As anybody that follows my blog knows, I am not a fan of vertical scaling. I don't like solutions that can only be implemented in a single address and storage space. Unfortunately, there are analytical problems that need a holistic view of data. This is very typical of data warehousing applications. As a result, data warehouses are expensive, often out of the reach of smaller organizations. But there may be an alternative that is less expensive and horizontally scalable. What is this great revelation? Processing streams of events using an Event Stream Processor (ESP) solution.
ESP analyze streams of events using a language similar to SQL. In the same manner that databases and data warehouses use SQL to perform analysis of data tables, ESP use their query language to analyze streams of events. The simplest way to understand ESP is to think of events as rows in a table and the attributes of an event as the columns. Each event type is the equivalent of a table. From this perspective, it becomes straightforward to see how ESP works. But how does this relate to replacing data warehouses?
Data warehouse analysis involves aggregating information along a variety of axis as well as inverting relationships in the data. The goal is to provide the business with different perspectives on what the customers are doing. In order to do this, data is loaded into the warehouse periodically. Typically daily ETL processes are performed on the production databases to keep the warehouse fresh. This process though has a couple issues beyond the cost of the warehouse infrastructure. First, the ETL places a significant load on your production databases. If your business has nice offline windows for the ETL, that's great, but if not, managing the scale becomes a challenge. Second, the freshness of the warehouse is typically 24 hours behind or more. As your business grows this lag will grow as well.

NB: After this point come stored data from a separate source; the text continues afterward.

Lemma count_ge_perm n x s t : is_perm n s -> count_ge n (vcomp x s) t = count_ge n x t.
Proof. intros Hs. apply (rsum_perm n s Hs (fun i => if Rle_dec t (x i) then 1 else 0)). Qed.

Lemma sorted_perm_unique n x s1 s2 :
  is_perm n s1 -> is_perm n s2 -> inD n (vcomp x s1) -> inD n (vcomp x s2) ->
  veq n (vcomp x s1) (vcomp x s2).
Proof.
  assert (Hle : forall sa sb, is_perm n sa -> is_perm n sb -> inD n (vcomp x sa) -> inD n (vcomp x sb) ->
                forall k, (k < n)%nat -> vcomp x sa k <= vcomp x sb k).
  { intros sa sb Ha Hb Da Db k Hk. destruct (Rle_dec (vcomp x sa k) (vcomp x sb k)) as [| Hlt]; auto.
    pose proof (count_ge_lower n (vcomp x sa) (vcomp x sa k) k Da Hk ltac:(lra)).
    pose proof (count_ge_upper n (vcomp x sb) (vcomp x sa k) k Db Hk ltac:(lra)).
    rewrite !count_ge_perm, S_INR in * by auto. lra. }
  intros H1 H2 D1 D2 k Hk.
  pose proof (Hle s1 s2 H1 H2 D1 D2 k Hk). pose proof (Hle s2 s1 H2 H1 D2 D1 k Hk). lra.
Qed.

Lemma gap_ex n (x : vec) :
  exists d, d > 0 /\ forall i j, (i < n)%nat -> (j < n)%nat -> x i < x j -> 2 * d < x j - x i.
Proof.
  destruct (forall_small_fin n (fun i e => forall j, (j < n)%nat -> x i < x j -> 2 * e < x j - x i))
    as [d [Hd H]].
  - intros i Hi.
    destruct (forall_small_fin n (fun j e => x i < x j -> 2 * e < x j - x i)) as [d [Hd H]].
    + intros j Hj. destruct (Rlt_dec (x i) (x j)).
      * exists ((x j - x i) / 2). split; [lra | intros; lra].
      * exists 1. split; [lra | intros; lra].
    + exists d. split; [auto |]. intros e He j Hj. now apply H.
  - exists (d / 2). split; [lra |]. intros i j Hi Hj Hx. apply (H (d / 2) ltac:(lra) i Hi j Hj Hx).
Qed.

Lemma sort_perm_locally_stable n x :
  exists d, d > 0 /\ forall dx s, is_perm n s -> norm2 n dx < d ->
    inD n (vcomp (vadd x dx) s) -> inD n (vcomp x s).
Proof.
  destruct (gap_ex n x) as [d [Hd Hg]]. exists d. split; auto.
  intros dx s Hs Hdx HD i Hi. unfold vcomp, vadd in *.
  destruct (Rle_dec (x (s (S i))) (x (s i))) as [| Hlt]; auto.
  pose proof (Hg (s i) (s (S i)) (perm_lt n s Hs i ltac:(lia)) (perm_lt n s Hs (S i) Hi) ltac:(lra)).
  specialize (HD i Hi).
  pose proof (Rabs_le_between _ _ (coord_le_norm2 n dx (s i) (perm_lt n s Hs i ltac:(lia)))).
  pose proof (Rabs_le_between _ _ (coord_le_norm2 n dx (s (S i)) (perm_lt n s Hs (S i) Hi))).
  lra.
Qed.

Definition soft_slope (b s q : R) : Prop :=
  (Rabs s < b -> q = 0) /\ (Rabs s = b -> q = 0 \/ q = 1) /\ (Rabs s > b -> q = 1).

Ltac Rabs_cases x := let H := fresh in destruct (Rcase_abs x) as [H | H];
  [rewrite (Rabs_left x H) in * | rewrite (Rabs_right x H) in *].

Lemma soft_local b s : b > 0 -> exists d, d > 0 /\ forall s' q,
  Rabs (s' - s) < d -> soft_slope b s' q -> soft b s' - soft b s = q * (s' - s).
Proof.
  intros Hb. destruct (Req_EM_T (Rabs s) b) as [E | E].
  - exists b. split; auto. intros s' q H [H1 [H2 H3]].
    apply Rabs_def2 in H.
    Rabs_cases s; Rabs_cases s'; unfold soft;
    destruct (Rlt_dec b s'), (Rlt_dec s' (-b)), (Rlt_dec b s), (Rlt_dec s (-b)); try lra;
    try (rewrite H3 by lra; lra); try (rewrite H1 by lra; lra);
    try (destruct (H2 ltac:(lra)) as [-> | ->]; lra);
    try (replace (s' - s) with 0 by lra; ring);
    try (destruct (Rlt_dec (- s') b); [rewrite H1 by lra; ring | replace (s' - s) with 0 by lra; ring]);
    try (destruct (Rlt_dec s' b); [rewrite H1 by lra; ring | replace (s' - s) with 0 by lra; ring]).
  - assert (Hpos : 0 < Rabs (Rabs s - b)) by (apply Rabs_pos_lt; lra).
    exists (Rabs (Rabs s - b)). split; auto. intros s' q H [H1 [H2 H3]].
    apply Rabs_def2 in H.
    Rabs_cases s; Rabs_cases s'; try Rabs_cases (s - b); try Rabs_cases (- s - b); unfold soft;
    destruct (Rlt_dec b s'), (Rlt_dec s' (-b)), (Rlt_dec b s), (Rlt_dec s (-b)); try lra;
    try (rewrite H3 by lra; lra); try (rewrite H1 by lra; lra).
Qed.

ESP address this by analyzing the changes to your data as it occurs. Rather than doing batch ETL's, you stream business events as the state of your data changes. This creates a more manageable scaling model for your production system. The business analytics extracts are spread throughout the transaction day. ESP can also be horizontally scaled, providing a more cost effective solution for your business. And since ESP is performing the analysis in real time, the business metrics can be current and remain that way as the business grows.
Does this spell the end of data warehouses? Well, maybe but there is one challenge with the ESP approach. While it is able to provide analytics cost effectively, it does not provide the ability to perform historical analysis. If you know what you want, then ESP will deliver the results from the current point in time forward. But what if you want a different perspective on your business activity and you want it over the past 3 months. One solution is to create a framework for capturing and replaying transactions but this can be expensive. This becomes a matter of deciding the business value of performing the historical analysis.
Whether you choose to use a data warehouse or not, ESP is definitely worth investigating as a way of delivering business analytics more cost effectively.
Technorati Tags: architecture, database, engineering, performance, scalability, services, software, to_read, toread, web
I think another use of ESP could be to replace ETL while keeping the datawarehouse intact. This will removed the ETL related bottlenecks while still preserving the ability to do historical analysis.
Posted by: Tahir Akhtar | Tuesday, September 23, 2008 at 01:21 AM
I think this solution could have some performance issues.
While any change to database should be intercepted...
Is there any reference for further study...?
Posted by: Farshid Zaker | Saturday, November 01, 2008 at 01:48 AM
Some feedback on your post:
"Unfortunately, there are analytical problems that need a holistic view of data. This is very typical of data warehousing applications. As a result, data warehouses are expensive, often out of the reach of smaller organizations."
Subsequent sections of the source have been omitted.